Task statement: Find the line containing "Lemma is_qderive_Qcs s" in the records below. Copy exactly that line and each one after it, ending at the line containing "have : qdot", and nothing more.

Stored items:
Definition Qcs s q : quat R :=
  qadd (qsub (qmul s s) (qscale (2 * qRe q) s)) (qreal (qnorm2 q)).

Lemma is_qderive_Qcs s q h :
  is_qderive (fun t => Qcs s (qadd q (qscale t h))) 0
    (qsub (qreal (2 * qdot q h)) (qscale (2 * q0 h) s)).
Proof. rewrite /Qcs /qdot; quat_unfold; is_qderive_by_ring. Qed.

Lemma is_qderive_SLinv s q h : qnorm2 (Qcs s q) != 0 ->
  is_qderive (fun t => SLinv s (qadd q (qscale t h))) 0
    (qadd (qmul (qopp (qconj h)) (qinv (Qcs s q)))
          (qmul (qsub s (qconj q))
                (qinv_derive (Qcs s q) (qsub (qreal (2 * qdot q h)) (qscale (2 * q0 h) s))))).
Proof.
move=> Q0.
have dS := is_qderiveB (is_qderive_cst s 0) (is_qderive_conj (is_qderive_line q h 0)).
have := is_qderiveV (is_qderive_Qcs s q h); rewrite /= qadd_scale0 => /(_ Q0) dQinv.
apply: is_qderive_eq (is_qderiveM dS dQinv) _; rewrite /= qadd_scale0.
congr (qadd (qmul _ _) _).
by case: (qconj h) => *; quat_unfold; rewrite !add0r.
Qed.

Lemma qD_SLinv s q : qnorm2 (Qcs s q) != 0 ->
  qD (SLinv s) q = qscale (-2) (qinv (Qcs s q)).
Proof.
move=> Q0; rewrite /qD !(qpartial_is_qderive (is_qderive_SLinv _ Q0)).
move: Q0; case: s => s0 s1 s2 s3; case: q => a0 a1 a2 a3.
cbv beta iota delta [qinv_derive qinv Qcs qnorm2 qdot qbasis qadd qsub qmul qscale qconj qopp
  qreal qRe qe1 qe2 qe3 q0 q1 q2 q3]; rewrite !addr0 => Q0.
by congr Quat; field.
Qed.

End QuaternionCalculus.

Section QuaternionNorm.
Variable R : realType.
Implicit Types (p q : quat R) (a : R).

Lemma qnorm2_ge0 p : 0 <= qnorm2 p.
Proof. by rewrite /qnorm2 !addr_ge0 ?sqr_ge0. Qed.

Lemma qnorm_sqr p : qnorm p ^+ 2 = qnorm2 p.
Proof. exact/sqr_sqrtr/qnorm2_ge0. Qed.

Lemma qnorm2_scale a p : qnorm2 (qscale a p) = a ^+ 2 * qnorm2 p.
Proof. by rewrite /qnorm2 /=; ring. Qed.

Lemma qnorm2_eq0 p : qnorm2 p = 0 -> p = Quat 0 0 0 0.
Proof.
case: p => x0 x1 x2 x3; rewrite /qnorm2 /= => /eqP.
rewrite !paddr_eq0 ?addr_ge0 ?sqr_ge0 // !sqrf_eq0.
by case/andP=> /andP[/andP[/eqP-> /eqP->] /eqP->] /eqP->.
Qed.

Lemma qdot_le_qnorm p q : qdot p q <= qnorm p * qnorm q.
Proof.
have lagrange : qnorm2 p * qnorm2 q - qdot p q ^+ 2 =
    (q0 p * q1 q - q1 p * q0 q) ^+ 2 + (q0 p * q2 q - q2 p * q0 q) ^+ 2
  + (q0 p * q3 q - q3 p * q0 q) ^+ 2 + (q1 p * q2 q - q2 p * q1 q) ^+ 2
  + (q1 p * q3 q - q3 p * q1 q) ^+ 2 + (q2 p * q3 q - q3 p * q2 q) ^+ 2.
  by rewrite /qnorm2 /qdot; ring.
have : qdot p q ^+ 2 <= (qnorm p * qnorm q) ^+ 2.
  by rewrite exprMn !qnorm_sqr -subr_ge0 lagrange !addr_ge0 ?sqr_ge0.
have : 0 <= qnorm p * qnorm q by rewrite mulr_ge0 ?sqrtr_ge0.
nra.
Qed.

Lemma qnorm_sub_sqr_le p q : (qnorm p - qnorm q) ^+ 2 <= qnorm2 (qsub p q).
Proof.
have -> : qnorm2 (qsub p q) = qnorm2 p + qnorm2 q - 2 * qdot p q.
  by rewrite /qnorm2 /qdot /=; ring.
have -> : (qnorm p - qnorm q) ^+ 2 = qnorm2 p + qnorm2 q - 2 * (qnorm p * qnorm q).
  by rewrite -!qnorm_sqr; ring.
by have := qdot_le_qnorm p q; lra.
Qed.

End QuaternionNorm.

Section SliceDecomposition.
Variable R : realType.
Implicit Types (q J : quat R) (a b u v : R).

Lemma qsphereP J : qsphere J <-> q0 J = 0 /\ q1 J ^+ 2 + q2 J ^+ 2 + q3 J ^+ 2 = 1.
Proof.
rewrite /qsphere /qnorm2.
by split=> -[J0 J1]; split=> //; move: J1; rewrite J0 expr0n add0r.
Qed.

Lemma qnorm2_slice a b J : qsphere J -> qnorm2 (qadd (qreal a) (qscale b J)) = a ^+ 2 + b ^+ 2.
Proof.
case: J => j0 j1 j2 j3 /qsphereP /= [-> J1].
have -> : b ^+ 2 = b ^+ 2 * (j1 ^+ 2 + j2 ^+ 2 + j3 ^+ 2) by rewrite J1 mulr1.
by rewrite /qnorm2 /qadd /qscale /qreal /=; ring.
Qed.

Lemma qinv_slice a b J : qsphere J ->
  qinv (qadd (qreal a) (qscale b J)) =
  qadd (qreal (a / (a ^+ 2 + b ^+ 2))) (qscale (- b / (a ^+ 2 + b ^+ 2)) J).
Proof.
move=> SJ; rewrite /qinv qnorm2_slice //.
case: J SJ => j0 j1 j2 j3 /qsphereP /= [-> _].
by rewrite /qscale /qconj /qadd /qreal /=; congr Quat; ring.
Qed.

Lemma qRe_slice u v J : qsphere J -> q0 (qadd (qreal u) (qscale v J)) = u.
Proof. by case=> J0 _; rewrite /= J0 mulr0 addr0. Qed.

Lemma qIm_slice u v J : qsphere J -> qIm (qadd (qreal u) (qscale v J)) = qscale v J.
Proof. by case: J => j0 j1 j2 j3 [/= J0 _]; rewrite /qIm /qscale /= J0 mulr0 !add0r. Qed.

Definition Qcs_re q u v : R := (u - q0 q) ^+ 2 - v ^+ 2 + qnorm2 (qIm q).
Definition Qcs_im q u v : R := 2 * (u - q0 q) * v.
Definition Qcs_norm2 q u v : R := Qcs_re q u v ^+ 2 + Qcs_im q u v ^+ 2.

Lemma Qcs_slice q u v J : qsphere J ->
  Qcs (qadd (qreal u) (qscale v J)) q = qadd (qreal (Qcs_re q u v)) (qscale (Qcs_im q u v) J).
Proof.
case: J => j0 j1 j2 j3 /qsphereP /= [-> J1]; case: q => a0 a1 a2 a3.
rewrite /Qcs /Qcs_re /Qcs_im /qRe.
have -> : v ^+ 2 = v ^+ 2 * (j1 ^+ 2 + j2 ^+ 2 + j3 ^+ 2) by rewrite J1 mulr1.
by quat_unfold; congr Quat; ring.
Qed.

Definition qD_SLinv_re q u v : R := -2 * Qcs_re q u v / Qcs_norm2 q u v.
Definition qD_SLinv_im q u v : R := 2 * Qcs_im q u v / Qcs_norm2 q u v.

Solved exercise:
Lemma is_qderive_Qcs s q h :
  is_qderive (fun t => Qcs s (qadd q (qscale t h))) 0
    (qsub (qreal (2 * qdot q h)) (qscale (2 * q0 h) s)).
Proof. rewrite /Qcs /qdot; quat_unfold; is_qderive_by_ring. Qed.

Lemma is_qderive_SLinv s q h : qnorm2 (Qcs s q) != 0 ->
  is_qderive (fun t => SLinv s (qadd q (qscale t h))) 0
    (qadd (qmul (qopp (qconj h)) (qinv (Qcs s q)))
          (qmul (qsub s (qconj q))
                (qinv_derive (Qcs s q) (qsub (qreal (2 * qdot q h)) (qscale (2 * q0 h) s))))).
Proof.
move=> Q0.
have dS := is_qderiveB (is_qderive_cst s 0) (is_qderive_conj (is_qderive_line q h 0)).
have := is_qderiveV (is_qderive_Qcs s q h); rewrite /= qadd_scale0 => /(_ Q0) dQinv.
apply: is_qderive_eq (is_qderiveM dS dQinv) _; rewrite /= qadd_scale0.
congr (qadd (qmul _ _) _).
by case: (qconj h) => *; quat_unfold; rewrite !add0r.
Qed.

Lemma qD_SLinv s q : qnorm2 (Qcs s q) != 0 ->
  qD (SLinv s) q = qscale (-2) (qinv (Qcs s q)).
Proof.
move=> Q0; rewrite /qD !(qpartial_is_qderive (is_qderive_SLinv _ Q0)).
move: Q0; case: s => s0 s1 s2 s3; case: q => a0 a1 a2 a3.
cbv beta iota delta [qinv_derive qinv Qcs qnorm2 qdot qbasis qadd qsub qmul qscale qconj qopp
  qreal qRe qe1 qe2 qe3 q0 q1 q2 q3]; rewrite !addr0 => Q0.
by congr Quat; field.
Qed.

End QuaternionCalculus.

Section QuaternionNorm.
Variable R : realType.
Implicit Types (p q : quat R) (a : R).

Lemma qnorm2_ge0 p : 0 <= qnorm2 p.
Proof. by rewrite /qnorm2 !addr_ge0 ?sqr_ge0. Qed.

Lemma qnorm_sqr p : qnorm p ^+ 2 = qnorm2 p.
Proof. exact/sqr_sqrtr/qnorm2_ge0. Qed.

Lemma qnorm2_scale a p : qnorm2 (qscale a p) = a ^+ 2 * qnorm2 p.
Proof. by rewrite /qnorm2 /=; ring. Qed.

Lemma qnorm2_eq0 p : qnorm2 p = 0 -> p = Quat 0 0 0 0.
Proof.
case: p => x0 x1 x2 x3; rewrite /qnorm2 /= => /eqP.
rewrite !paddr_eq0 ?addr_ge0 ?sqr_ge0 // !sqrf_eq0.
by case/andP=> /andP[/andP[/eqP-> /eqP->] /eqP->] /eqP->.
Qed.

Lemma qdot_le_qnorm p q : qdot p q <= qnorm p * qnorm q.
Proof.
have lagrange : qnorm2 p * qnorm2 q - qdot p q ^+ 2 =
    (q0 p * q1 q - q1 p * q0 q) ^+ 2 + (q0 p * q2 q - q2 p * q0 q) ^+ 2
  + (q0 p * q3 q - q3 p * q0 q) ^+ 2 + (q1 p * q2 q - q2 p * q1 q) ^+ 2
  + (q1 p * q3 q - q3 p * q1 q) ^+ 2 + (q2 p * q3 q - q3 p * q2 q) ^+ 2.
  by rewrite /qnorm2 /qdot; ring.
have : qdot p q ^+ 2 <= (qnorm p * qnorm q) ^+ 2.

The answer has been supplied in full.